I do not like it. Is it just because I am old?
At Picasso’s Cafe, Ashley makes my iced coffee and talks to me between drips. I have asked her to tell me about the face of the wolf and the face of the doe on her right upper arm. They form a totem. Both beasts are drawn in a tight, geometric pattern of lines that makes them each look abstract and electrified.
“I had to watch her die.” She is a little timid as she describes the event commemorated on her arm. She said, “I was doe hunting alone, and I shot and just wounded. It was terrible.”
“Isn’t it illegal if you don’t find her?”
“Actually, it’s not. But I always hunt with a purpose. I looked for a half-hour when I heard a thrashing, and there she was. I went over, and she was bleeding, and at the last second she looked up at me. Right in my eyes. It was the most accepting look; she looked up with total acceptance and love in the situation. I’ll never get that look out of my mind.” She pauses, to put vanilla in someone’s coffee. I notice that the doe on her bicep wears a little lotus crown as if she is a bit of a princess. I asked, “How did you kill her?”
“I slit her throat.” Ashley pauses and says, “I could see it in her eyes that she was accepting death. People are so afraid of death but animals accept it.”
The conventionally-educated will try to domesticate the skin art of the young by comparing it to moments in the history of painting. Large sleeve tattoos suggest a bestiary lurking in the wearer’s blood. Their frisky animality and stark, sanguine colors suggest the “Les Fauves” movement that transformed painting during the 1920s.
However, the more tattoos you engage, or rather, the more tattoos that engage you in the bars and the juice stands, the more one grasps that tattoo art is not like wearing a painting: It’s like being a painting. Oscar Wilde provided a manifesto for the tattooed physique when he said, “One should either be a work of art, or wear a work of art.” Wilde’s famous aphorism was complemented by another. He said, “The well bred contradict other people. The wise contradict themselves.” Any observer of the young and tattooed will notice the weedy disorganization of the symbols on their skins. They are mismatched agglomerations of images which make—at least in the mind of the tattooed—a complicated, yet fierce statement of identity. A cartoon character will lurk near a Celtic rune; a rock lyric will vie for space with a religious icon.
Nonetheless, although tattooing may express a Wilde-like worship of flamboyant contradiction, for the most part, skin art functions as a manifesto of dogmatic identity. Tattoo art is never ironic or subtle. Tattoos are didactic. Moreover, besides lacking nuance, skin art fails to be art by failing to craft something that endures through time. Ink with the flesh fades. It cannot be art. The wearers of blanching, full-limb tattoos end up, after a few years, looking like depraved lilies.
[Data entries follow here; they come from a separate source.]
(* Let $A$ be an arbitrary endomorphism of $\mathbb{R}^n$. There exist instants $t_0<t_1$ in $\mathbb{R}$ that are conjugate for the system $v''=Av$ if and only if $A$ has real negative eigenvalues.
   Context: Two instants $t_0<t_1$ are conjugate for a second-order linear system in $\mathbb{R}^n$ if there exists a solution $v$ of the system, not identically zero, with $v(t_0)=v(t_1)=0$. *)

From HB Require Import structures.
From mathcomp Require Import all_boot all_order all_algebra.
From mathcomp Require Import all_classical all_reals all_analysis.
Set Implicit Arguments. Unset Strict Implicit. Unset Printing Implicit Defensive.
Import Order.TTheory GRing.Theory Num.Theory.
Import numFieldNormedType.Exports.
Local Open Scope ring_scope.

(* The endomorphism A of R^n is represented by a square matrix acting on
   row vectors: x |-> x *m A (MathComp's convention, matching [eigenvalue]). *)

Definition is_solution (R : realType) (n : nat) (A : 'M[R]_n)
    (v : R -> 'rV[R]_n) : Prop :=
  (forall t : R, derivable v t 1) /\
  (forall t : R, derivable (derive1 v) t 1) /\
  (forall t : R, derive1 (derive1 v) t = v t *m A).

Definition conjugate (R : realType) (n : nat) (A : 'M[R]_n) (t0 t1 : R) : Prop :=
  t0 < t1 /\
  exists v : R -> 'rV[R]_n,
    [/\ is_solution A v, (exists t : R, v t != 0), v t0 = 0 & v t1 = 0].

From HB Require Import structures.
From mathcomp Require Import all_boot all_order all_algebra.
From mathcomp Require Import all_classical all_reals all_analysis.
From mathcomp Require Import complex ring lra zify.
Import Order.TTheory GRing.Theory Num.Theory.
Import numFieldNormedType.Exports.
Set Implicit Arguments. Unset Strict Implicit. Unset Printing Implicit Defensive.
Local Open Scope ring_scope.

(* If [w A = a w] with [a < 0], then [t |-> sin (sqrt (- a) t) w] is a solution
   vanishing at [0] and at [pi / sqrt (- a)].
   Conversely, let [v] be a nonzero solution with [v t0 = v t1 = 0].  By uniqueness
   for the Cauchy problem (a Gronwall estimate on the energy), [v] does not vanish
   identically on ]t0, t1[, while [v char_poly(A)(A) = 0] there by Cayley-Hamilton.
   Stripping real irreducible factors off the characteristic polynomial one at a
   time yields [r] and an irreducible [f] such that [y := v r(A)] is a solution
   vanishing at [t0] and [t1], nonzero somewhere in ]t0, t1[, with [y f(A) = 0] on
   ]t0, t1[.  If [f = X - l] then [y'' = l y] there: [l < 0] is the eigenvalue
   sought, while for [l >= 0] the function [y y'], whose derivative [y'^2 + l y^2]
   is nonnegative, forces [y = 0].  If [f = (X - a)^2 + b^2] with [b != 0], a
   similar functional of [y] and [y (A - a)] again forces [y = 0]. *)

Section ScalarCalculus.
Variable R : realType.
Implicit Types (f df : R -> R) (a b c s t : R).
Therefore, perhaps extreme tattooing is really not visual art, but rather body poetry: the Word become flesh. Perhaps to the young wearer, the tattoo is really his soul blushing in florid colors, a self-cinema where the flickering image keeps moving away, and towards him in the same manner that the living Word is both near and far, inside the self and beyond the distant stars.
The 27-year-old barmaid is tall and thin, and her shoulders seem to move to a strain of music only she hears. With every bit of fussing at the cash register, or each pour of drinks, she gestures a little with her shoulders in a manner so slight that she seems to be testing where the atmosphere has openings she may glide through. Maybe it is because she scents hope and danger all around her that she also wears a tiny nose-ring.
A line in Hebrew on her shoulder translates “Never be ordinary.” Her best girlfriend is Jewish and had the same line tattooed on her back. On her finger is a small crescent moon, which along with a small cross on another finger represents her “religious interest in general.” Eliza also wears a tea saucer-sized tattoo of a wolf on her thigh, which she calls “her spirit animal.” She wears it to remind herself to “be as a wolf does, be quiet and stealthy and strong.”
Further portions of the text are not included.